Мы все знаем выражение Habent sua fata libelli — «книги имеют свою судьбу». На самом деле, как я недавно узнал из современного уникального источника информации, «Википедии», это лишь упрощение и сокращение более глубокой мысли античного знатока грамматики Теренциана Мавра, и полная фраза гласит: Pro captu lectoris habent sua fata libelli («книги имеют свою судьбу, зависящую от способностей их читателя»).

Другими словами, читатель активно соучаствует в определении судьбы книги. Именно через читателя книга проникает в мир.

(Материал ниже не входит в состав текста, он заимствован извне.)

(* Let $r:\mathbb{R}\to\mathbb{R}$ and let $\pi^m(a)=\sum_{k=1}^Nw_k\pi^{c_k}(a)$ with $\pi^{c_k}(a)=\mathcal N(a;\mu_k,\sigma_k^2)$, parameters $\theta=(\mu_1,\sigma_1,\dots,\mu_N,\sigma_N,w_1,\dots,w_N)$. Let $\hat\partial^{LR}_{\vartheta}J(\pi^m)=\partial_\vartheta\log\pi^m(A)\,r(A)$ with $A\sim\pi^m$, and for a single component let $\hat\partial^{LR}_{\vartheta_k}J(\pi^{c_k})=\partial_{\vartheta_k}\log\pi^{c_k}(A)\,r(A)$. Let $\rho_k(A)=\pi^{c_k}(A)/\pi^m(A)$. Then for each $k$ and each $\vartheta_k\in\{\mu_k,\sigma_k\}$, $$\mathbb{V}_{\pi^m(A)}\big(\hat\partial^{LR}_{\vartheta_k}J(\pi^m)\big)=w_k^2\,\mathbb{V}_{\pi^m(A)}\big(\rho_k(A)\,\hat\partial^{LR}_{\vartheta_k}J(\pi^{c_k})\big),\qquad \mathbb{V}_{\pi^m(A)}\big(\hat\partial^{LR}_{w_k}J(\pi^m)\big)=\mathbb{V}_{\pi^m(A)}\big(\rho_k(A)r(A)\big).$$
   Context: Bandit setting with objective $J(\pi)=\mathbb{E}_{a\sim\pi}[r(a)]$. $\mathcal N(a;\mu,\sigma^2)$ is the Gaussian density with mean $\mu$ and standard deviation $\sigma$. The weights $w_k$ are treated as free coordinates when differentiating. $\mathbb{V}_q$ denotes variance under $A\sim q$. *)

From HB Require Import structures.
From mathcomp Require Import all_boot all_order all_algebra.
From mathcomp Require Import all_classical all_reals all_analysis.
Set Implicit Arguments. Unset Strict Implicit. Unset Printing Implicit Defensive.
Import Order.TTheory GRing.Theory Num.Theory.
Local Open Scope ring_scope.

Section gmm.
Context {R : realType} {N : nat}.
Implicit Types (w mu sig : 'I_N -> R) (a t : R).

(* component density pi^{c_k}(a) = N(a; mu, sigma^2), sigma = standard deviation *)
Definition gauss (m s a : R) : R := normal_pdf m s a.

Definition mixpdf w mu sig (a : R) : R := \sum_(k < N) w k * gauss (mu k) (sig k) a.

Definition upd (f : 'I_N -> R) (k : 'I_N) (t : R) : 'I_N -> R :=
  fun j => if j == k then t else f j.

Definition rho w mu sig (k : 'I_N) (a : R) : R :=
  gauss (mu k) (sig k) a / mixpdf w mu sig a.

Definition lr_mix_mu (r : R -> R) w mu sig k (a : R) : R :=
  derive1 (fun t => ln (mixpdf w (upd mu k t) sig a)) (mu k) * r a.
Definition lr_mix_sig (r : R -> R) w mu sig k (a : R) : R :=
  derive1 (fun t => ln (mixpdf w mu (upd sig k t) a)) (sig k) * r a.
Definition lr_mix_w (r : R -> R) w mu sig k (a : R) : R :=
  derive1 (fun t => ln (mixpdf (upd w k t) mu sig a)) (w k) * r a.

Definition lr_comp_mu (r : R -> R) mu sig k (a : R) : R :=
  derive1 (fun t => ln (gauss t (sig k) a)) (mu k) * r a.
Definition lr_comp_sig (r : R -> R) mu sig k (a : R) : R :=
  derive1 (fun t => ln (gauss (mu k) t a)) (sig k) * r a.

End gmm.

Definition Eq {R : realType} (q X : R -> R) : \bar R :=
  (\int[@lebesgue_measure R]_x (X x * q x)%:E)%E.
Definition Vq {R : realType} (q X : R -> R) : \bar R :=
  (\int[@lebesgue_measure R]_x (((X x - fine (Eq q X)) ^+ 2) * q x)%:E)%E.

From HB Require Import structures.
From mathcomp Require Import all_boot all_order all_algebra.
From mathcomp Require Import all_classical all_reals all_analysis.
From mathcomp Require Import ring.
Import Order.TTheory GRing.Theory Num.Theory.
Local Open Scope ring_scope.

(* Each of mu_k, sig_k, w_k enters the mixture density only through the k-th
   summand, so as a function of that parameter t the density is C + c * G t,
   with C the sum of the other summands and either c = w_k and G the k-th
   component (for mu_k, sig_k) or c the k-th component and G = id (for w_k).
   Since (ln (C + c G))' = c G' / (C + c G) = c (G / (C + c G)) (ln G)', the
   mixture score is w_k rho_k times the component score, resp. rho_k itself.
   The estimators thus agree pointwise up to the factor w_k >= 0, and
   V(c Y) = c^2 V(Y) for c >= 0.

   Neither Eq nor Vq assumes its integrand measurable, so the scaling of the
   integral is proved from its definition as a supremum of integrals of
   simple functions. *)

Section ereal_scaling.
Local Open Scope ereal_scope.
Context {R : realType}.

Lemma pmuleBr (c : R) (x y : \bar R) : (0 < c)%R ->
  c%:E * (x - y) = c%:E * x - c%:E * y.
Proof.
move=> c0; have cy : c%:E * +oo = +oo by rewrite mulry gtr0_sg // mul1e.
have cNy : c%:E * -oo = -oo by rewrite mulrNy gtr0_sg // mul1e.
move: x y => [x| |] [y| |]; rewrite /= ?cy ?cNy -?EFinM //=.
by rewrite mulrBr.
Qed.

Lemma fine_ge0Ml (c : R) (x : \bar R) : (0 <= c)%R ->
  fine (c%:E * x) = (c * fine x)%R.
Proof.
rewrite le_eqVlt => /predU1P[<-|c0]; first by rewrite mul0e mul0r.
case: x => [x| |]; [by [] | rewrite mulry | rewrite mulrNy].
all: by rewrite (gtr0_sg c0) mul1e /= mulr0.
Qed.
End ereal_scaling.


Section integral_scaling.
Local Open Scope ereal_scope.
Context d (T : measurableType d) (R : realType).
Variable mu : {measure set T -> \bar R}.
Import HBNNSimple.

Lemma ereal_sup_sintegral_pZl (c : R) (f : T -> \bar R) : (0 < c)%R ->
  ereal_sup [set sintegral mu h | h in
    [set h : {nnsfun T >-> R} | forall x, (h x)%:E <= c%:E * f x]]
  = c%:E * ereal_sup [set sintegral mu h | h in
    [set h : {nnsfun T >-> R} | forall x, (h x)%:E <= f x]].
Proof.
move=> c0; have ci0 : (0 <= c^-1)%R by rewrite invr_ge0 ltW.
rewrite -ereal_sup_pZl //; congr ereal_sup; apply/seteqP; split.
- move=> _ [h hle <-]; exists (sintegral mu (scale_nnsfun h ci0)).
    exists (scale_nnsfun h ci0) => // x /=.
    rewrite -(@lee_pmul2l _ c%:E) ?lte_fin // -EFinM mulrA mulfV ?gt_eqF //.
    by rewrite mul1r; apply: hle.
  rewrite -[X in _ * X = _]/(sintegral mu (cst c^-1 \* h)%R) sintegralrM.
  by rewrite muleA -EFinM divff ?gt_eqF // mul1e.
- move=> _ [_ [h hle <-] <-]; exists (scale_nnsfun h (ltW c0)) => /=.
    by move=> x; rewrite EFinM lee_pmul2l ?lte_fin //; apply: hle.
  by rewrite -[X in X = _]/(sintegral mu (cst c \* h)%R) sintegralrM.
Qed.

Lemma integralZl_ge0 (D : set T) (c : R) (f : T -> \bar R) : (0 <= c)%R ->
  \int[mu]_(x in D) (c%:E * f x) = c%:E * \int[mu]_(x in D) f x.
Proof.
rewrite le_eqVlt => /predU1P[<-|c0].
  by rewrite mul0e (eq_integral (fun=> 0)) ?integral0 // => x _; rewrite mul0e.
have Zpatch g : (fun x => c%:E * g x) \_ D = fun x => c%:E * (g \_ D) x.
  by apply/funext => x; rewrite /patch; case: ifP; rewrite ?mule0.
have Zpos g : (fun x => c%:E * g x)^\+ = fun x => c%:E * g^\+ x.
  by apply/funext => x; rewrite !funeposE maxe_pMr ?mule0 ?lee_fin ?ltW.
have Zneg g : (fun x => c%:E * g x)^\- = fun x => c%:E * g^\- x.
  by apply/funext => x; rewrite !funenegE -muleN maxe_pMr ?mule0 ?lee_fin ?ltW.
by rewrite /integral Zpatch Zpos Zneg !ereal_sup_sintegral_pZl // pmuleBr.
Qed.

End integral_scaling.

Section moments_scaling.
Context {R : realType}.
Variables (q Y : R -> R) (c : R).
Hypothesis c_ge0 : 0 <= c.

Lemma EqZl : Eq q (fun a => c * Y a) = (c%:E * Eq q Y)%E.
Proof.
rewrite /Eq -integralZl_ge0 //; apply: eq_integral => x _.
by rewrite -EFinM mulrA.
Qed.

Lemma VqZl : Vq q (fun a => c * Y a) = ((c ^+ 2)%:E * Vq q Y)%E.
Proof.
rewrite /Vq EqZl fine_ge0Ml // -integralZl_ge0 ?exprn_ge0 //.
by apply: eq_integral => x _; rewrite -EFinM; congr (_%:E); ring.
Qed.

End moments_scaling.

Section log_derivative.
Context {R : realType}.
Implicit Types (F G : R -> R) (C c x : R).

Lemma derive1_ln F x : derivable F x 1 -> 0 < F x ->
  derive1 (fun t => ln (F t)) x = derive1 F x / F x.
Proof.
move=> dF F0; have [dln Dln] := is_derive1_ln F0.
rewrite (_ : (fun t => ln (F t)) = (@ln R) \o F) // derive1_comp //.
by rewrite derive1E Dln mulrC.
Qed.

Lemma is_derive1_affine C c G x : derivable G x 1 ->
  is_derive x 1 (fun t => C + c * G t) (c * derive1 G x).
Proof.
move=> /derivableP dG; rewrite derive1E.
have := is_deriveD (is_derive_cst C x 1) (is_deriveZ c dG).
by rewrite add0r.
Qed.

Lemma derive1_ln_affine C c G x : derivable G x 1 -> 0 < C + c * G x ->
  derive1 (fun t => ln (C + c * G t)) x = c * derive1 G x / (C + c * G x).
Proof.
move=> dG H0; have [dH DH] := is_derive1_affine C c G x dG.
by rewrite derive1_ln // derive1E DH.
Qed.

Lemma derive1_ln_affine_ratio C c G x : derivable G x 1 -> 0 < G x ->
  0 < C + c * G x ->
  derive1 (fun t => ln (C + c * G t)) x
    = c * (G x / (C + c * G x) * derive1 (fun t => ln (G t)) x).
Proof.
move=> dG G0 H0; rewrite derive1_ln_affine // derive1_ln //.
by field; rewrite !gt_eqF.
Qed.

End log_derivative.

Section gaussian.
Context {R : realType}.
Implicit Types m s a : R.

Lemma gauss_gt0 m s a : s != 0 -> 0 < gauss m s a.
Proof.
by move=> s0; rewrite /gauss normal_pdfE // mulr_gt0 ?expR_gt0 ?normal_peak_gt0.
Qed.

Lemma derivable_gauss_mean m s a : s != 0 -> derivable (fun t => gauss t s a) m 1.
Proof.
move=> s0; rewrite /gauss /normal_pdf (negbTE s0).
exact: (derivableM (derivable_cst _ _ _)).
Qed.

Lemma derivable_normal_peak s : s != 0 -> derivable normal_peak s 1.
Proof.
move=> s0; have v_gt0 : 0 < s ^+ 2 * pi *+ 2.
  by rewrite mulrn_wgt0 // mulr_gt0 ?pi_gt0 // exprn_even_gt0.
have [dsqrt _] := is_derive1_sqrt v_gt0.
apply: derivableV; first by rewrite gt_eqF // sqrtr_gt0.
apply/derivable1_diffP/differentiable_comp; last exact/derivable1_diffP.
exact/derivable1_diffP.
Qed.

Lemma derivable_normal_fun_sd m s a : s != 0 ->
  derivable (fun t => normal_fun m t a) s 1.
Proof.
move=> s0; rewrite /normal_fun.
apply/derivable1_diffP/differentiable_comp; last first.
  exact/derivable1_diffP/derivable_expR.
apply/derivable1_diffP/(derivableM (derivable_cst _ _ _))/derivableV.
  by rewrite mulrn_eq0 expf_eq0 s0.
by apply/derivable1_diffP.
Qed.

Lemma derivable_gauss_sd m s a : s != 0 -> derivable (fun t => gauss m t a) s 1.
Proof.
move=> s0; apply: (@near_eq_derivable _ _ _ (normal_peak * normal_fun m ^~ a)).
  by near=> t; rewrite /gauss normal_pdfE //; near: t; exact: open_neq.
exact: derivableM (derivable_normal_peak s s0) (derivable_normal_fun_sd m s a s0).
Unshelve. all: by end_near.
Qed.

End gaussian.

Section parameter_update.
Context {R : realType} {N : nat}.
Implicit Types (f : 'I_N -> R) (k : 'I_N) (t : R).

Lemma upd_id f k : upd f k (f k) = f.
Proof. by apply/funext => j; rewrite /upd; case: eqP => [->|]. Qed.

Lemma sum_upd (F : 'I_N -> R -> R) f k t :
  \sum_(j < N) F j (upd f k t j) = \sum_(j < N | j != k) F j (f j) + F k t.
Proof.
rewrite (bigD1 k) //= addrC /upd eqxx; congr (_ + _).
by apply: eq_bigr => j /negbTE ->.
Qed.

End parameter_update.

Lemma mixpdf_gt0 {R : realType} {N : nat} (w mu sig : 'I_N -> R) a :
  (forall j, sig j != 0) -> (forall j, 0 <= w j) -> \sum_(j < N) w j = 1 ->
  0 < mixpdf w mu sig a.
Proof.
move=> sig_neq0 w_ge0 w_sum1.
have term_ge0 j : 0 <= w j * gauss (mu j) (sig j) a.
  by rewrite mulr_ge0 // ltW // gauss_gt0.
rewrite lt0r sumr_ge0 ?andbT //.
apply/eqP => /(psumr_eq0P (fun j _ => term_ge0 j)) mix0.
suff : \sum_(j < N) w j = 0 by rewrite w_sum1 => /eqP; rewrite oner_eq0.
apply: big1 => j _; have /eqP := mix0 j isT.
by rewrite mulf_eq0 (gt_eqF (gauss_gt0 _ _ _ (sig_neq0 j))) orbF => /eqP.
Qed.

Section mixture_scores.
Context {R : realType} {N : nat}.
Variables (r : R -> R) (w mu sig : 'I_N -> R) (k : 'I_N).
Hypothesis mixpdf_pos : forall a, 0 < mixpdf w mu sig a.

Let rest a := \sum_(j < N | j != k) w j * gauss (mu j) (sig j) a.

Let mixpdf_upd_mu a t :
  mixpdf w (upd mu k t) sig a = rest a + w k * gauss t (sig k) a.
Proof. exact: (sum_upd (fun j m => w j * gauss m (sig j) a)). Qed.

Let mixpdf_upd_sig a t :
  mixpdf w mu (upd sig k t) a = rest a + w k * gauss (mu k) t a.
Proof. exact: (sum_upd (fun j s => w j * gauss (mu j) s a)). Qed.

Let mixpdf_upd_w a t :
  mixpdf (upd w k t) mu sig a = rest a + gauss (mu k) (sig k) a * t.
Proof.
by rewrite mulrC; exact: (sum_upd (fun j v => v * gauss (mu j) (sig j) a)).
Qed.

Lemma lr_mix_muE : sig k != 0 ->
  lr_mix_mu r w mu sig k =
    fun a => w k * (rho w mu sig k a * lr_comp_mu r mu sig k a).
Proof.
move=> sk0; apply/funext => a; rewrite /lr_mix_mu /lr_comp_mu /rho.
have mixE : mixpdf w mu sig a = rest a + w k * gauss (mu k) (sig k) a.
  by rewrite -{1}(upd_id mu k) mixpdf_upd_mu.
under eq_fun do rewrite mixpdf_upd_mu.
rewrite derive1_ln_affine_ratio -?mixE ?mixpdf_pos ?gauss_gt0 //.
  by rewrite !mulrA.
exact: derivable_gauss_mean.
Qed.

Lemma lr_mix_sigE : sig k != 0 ->
  lr_mix_sig r w mu sig k =
    fun a => w k * (rho w mu sig k a * lr_comp_sig r mu sig k a).
Proof.
move=> sk0; apply/funext => a; rewrite /lr_mix_sig /lr_comp_sig /rho.
have mixE : mixpdf w mu sig a = rest a + w k * gauss (mu k) (sig k) a.
  by rewrite -{1}(upd_id sig k) mixpdf_upd_sig.
under eq_fun do rewrite mixpdf_upd_sig.
rewrite derive1_ln_affine_ratio -?mixE ?mixpdf_pos ?gauss_gt0 //.
  by rewrite !mulrA.
exact: derivable_gauss_sd.
Qed.

Lemma lr_mix_wE : lr_mix_w r w mu sig k = fun a => rho w mu sig k a * r a.
Proof.
apply/funext => a; rewrite /lr_mix_w /rho.
have mixE : mixpdf w mu sig a = rest a + gauss (mu k) (sig k) a * id (w k).
  by rewrite -{1}(upd_id w k) mixpdf_upd_w.
under eq_fun do rewrite mixpdf_upd_w.
rewrite (derive1_ln_affine _ _ id) -?mixE ?mixpdf_pos //.
by rewrite derive1_id mulr1.
Qed.

End mixture_scores.

Theorem lemmaC6 (R : realType) (N : nat) (r : R -> R)
  (w mu sig : 'I_N -> R) :
  measurable_fun [set: R] r ->
  (forall k, 0 < sig k) ->
  (forall k, 0 <= w k) -> \sum_(k < N) w k = 1 ->
  forall k : 'I_N,
    [/\ Vq (mixpdf w mu sig) (lr_mix_mu r w mu sig k)
          = mule (w k ^+ 2)%:E
             (Vq (mixpdf w mu sig)
                (fun a => rho w mu sig k a * lr_comp_mu r mu sig k a)),
        Vq (mixpdf w mu sig) (lr_mix_sig r w mu sig k)
          = mule (w k ^+ 2)%:E
             (Vq (mixpdf w mu sig)
                (fun a => rho w mu sig k a * lr_comp_sig r mu sig k a))
      & Vq (mixpdf w mu sig) (lr_mix_w r w mu sig k)
          = Vq (mixpdf w mu sig) (fun a => rho w mu sig k a * r a)].
Proof.
move=> _ sig_gt0 w_ge0 w_sum1 k.
have sig_neq0 j : sig j != 0 by rewrite gt_eqF.
have mix_gt0 a : 0 < mixpdf w mu sig a by exact: mixpdf_gt0.
rewrite (lr_mix_muE r w mu sig k mix_gt0 (sig_neq0 k)).
rewrite (lr_mix_sigE r w mu sig k mix_gt0 (sig_neq0 k)).
by rewrite (lr_mix_wE r w mu sig k mix_gt0) !VqZl.
Qed.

К счастью, книга В защиту Льва Троцкого привлекла внимание многих принципиальных ученых. Профессор Бертран Пэтноуд (Bertrand Patenaude) написал рецензию, сопоставляющую мою книгу с биографией Троцкого, которая была написана Робертом Сервисом (Robert Service). Рецензия была опубликована в июне 2011 года в журнале The American Historical Review и затем привлекла к себе большое внимание. За этой рецензией последовало «Открытое письмо» в немецкое издательство «Зуркамп» (Suhrkamp), которое подписали профессора Герман Вебер (Hermann Weber), Марио Кесслер (Mario Kessler), Гельмут Дамер (Helmut Dahmer), Бернхард Байерляйн (Bernhard Bayerlein), Гейко Гауманн (Heiko Haumann), Владислав Хеделер (Wladislaw Hedeler), Андреа Хёртон (Andrea Hurton), Гартмут Мерингер (Hartmut Mehringer), Оскар Негт (Oskar Negt), Ганс Шафранек (Hans Schafranek), Оливер Раткольб (Oliver Rathkolb), Петер Штайнбах (Peter Steinbach), Райнер Тоссдорф (Tossdorf Reiner) и Рольф Вёрсдёрфер (Rolf Woersdoerfer).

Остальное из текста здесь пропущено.